The raw numbers for the MI50 and MI60 stack up pretty well against NVIDIA’s latest and greatest datacenter GPU, the Tesla V100. That accelerator tops out at 7.8 FP64 teraflops, 15.7 FP32 teraflops, and 125 Tensor teraflops – the latter a result of the V100’s specialized Tensor Cores specifically designed for deep learning computations. Those numbers are for the NVLink variant of the GPU; the PCIe version is about 10 percent less performant. The V100’s HBM2 memory bandwidth is 900 GB/sec, just slightly less then its AMD counterpart. NVIDIA is still faster in GPU-to-GPU communications, with its 300 GB/sec NVLink technology, but is still limited by its use of PCIe 3.0 for GPU-to-CPU communications (with the exception of the IBM Power processors supporting NVLink natively).
At least from a hardware perspective, the MI50 and MI60 boards appear to offer substantial competition to NVIDIA, which has essentially had the HPC/deep learning accelerator market to itself.

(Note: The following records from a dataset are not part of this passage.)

(* Let $k$ be a complex number and $n$ a positive integer. Then \[ \sum_{\pi \in \mathcal{D}(n)} (-1)^{\#(\pi)-1} s(\pi)^k = \sum_{\pi \in \mathcal{P}(n)} \sum_{j=0}^{\nu_d(\pi)} (-1)^j \binom{\nu_d(\pi)}{j} \bigl(\ell(\pi)-j\bigr)^k, \] where any term with $\ell(\pi)-j=0$ is interpreted as $0$.
   Context: $\mathcal{P}(n)$ is the set of all partitions of $n$ and $\mathcal{D}(n)$ the set of partitions of $n$ into distinct parts. For a partition $\pi$: $s(\pi)$ is its smallest part, $\ell(\pi)$ its largest part, $\#(\pi)$ its number of parts, and $\nu_d(\pi)$ the number of distinct part sizes of $\pi$. For a positive integer $m$ and complex $k$, $m^k=e^{k\log m}$ with the real logarithm. *)

From HB Require Import structures.
From mathcomp Require Import all_boot all_order all_algebra.
From mathcomp Require Import all_classical all_reals all_analysis.
From mathcomp Require Import complex.
Set Implicit Arguments. Unset Strict Implicit. Unset Printing Implicit Defensive.
Import Order.TTheory GRing.Theory Num.Theory.
Local Open Scope ring_scope.

(* A partition of n is encoded by its multiplicity function:
   m : {ffun 'I_n -> 'I_n.+1}, where m i is the number of parts equal to i.+1
   (every part of a partition of n lies in 1..n and occurs at most n times). *)
Definition mult (n : nat) := {ffun 'I_n -> 'I_n.+1}.

Definition is_partition (n : nat) (m : mult n) : bool :=
  (\sum_(i < n) i.+1 * m i)%N == n.

Definition is_distinct (n : nat) (m : mult n) : bool :=
  [forall i, (m i <= 1)%N].

Definition nparts (n : nat) (m : mult n) : nat := (\sum_(i < n) m i)%N.

Definition nu_d (n : nat) (m : mult n) : nat := #|[set i | (0 < m i)%N]|.

(* s(pi): smallest part (default n.+1 only for the empty partition, n = 0) *)
Definition spart (n : nat) (m : mult n) : nat :=
  \big[minn/n.+1]_(i < n | (0 < m i)%N) i.+1.

Definition lpart (n : nat) (m : mult n) : nat :=
  \max_(i < n | (0 < m i)%N) i.+1.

As always, one of the big questions will be software support. AMD’s strategy for datacenter GPUs has always been to use an open source approach for developers and that’s what they’ve done here. In this case, AMD announced a new version of its ROCm open software platform that supports the new Radeon Instinct boards and all its bells and whistles, including optimizations for deep learning operations (DLOPS).
Perhaps the biggest question will be pricing. A likely strategy would be for AMD to offer the best price-performance, undercutting NVIDIA Tesla accelerators with aggressive pricing in the same manner that the company has done with the its EPYC CPUs. And that may be a big determining factor of whether the big buyers of these types of GPUs – principally hyperscale cloud companies and supercomputing labs – embrace them. We’ll know soon enough. The MI60 is scheduled to ship by the end of 2018, while the MI50 is expected to ship by the end of Q1 2019.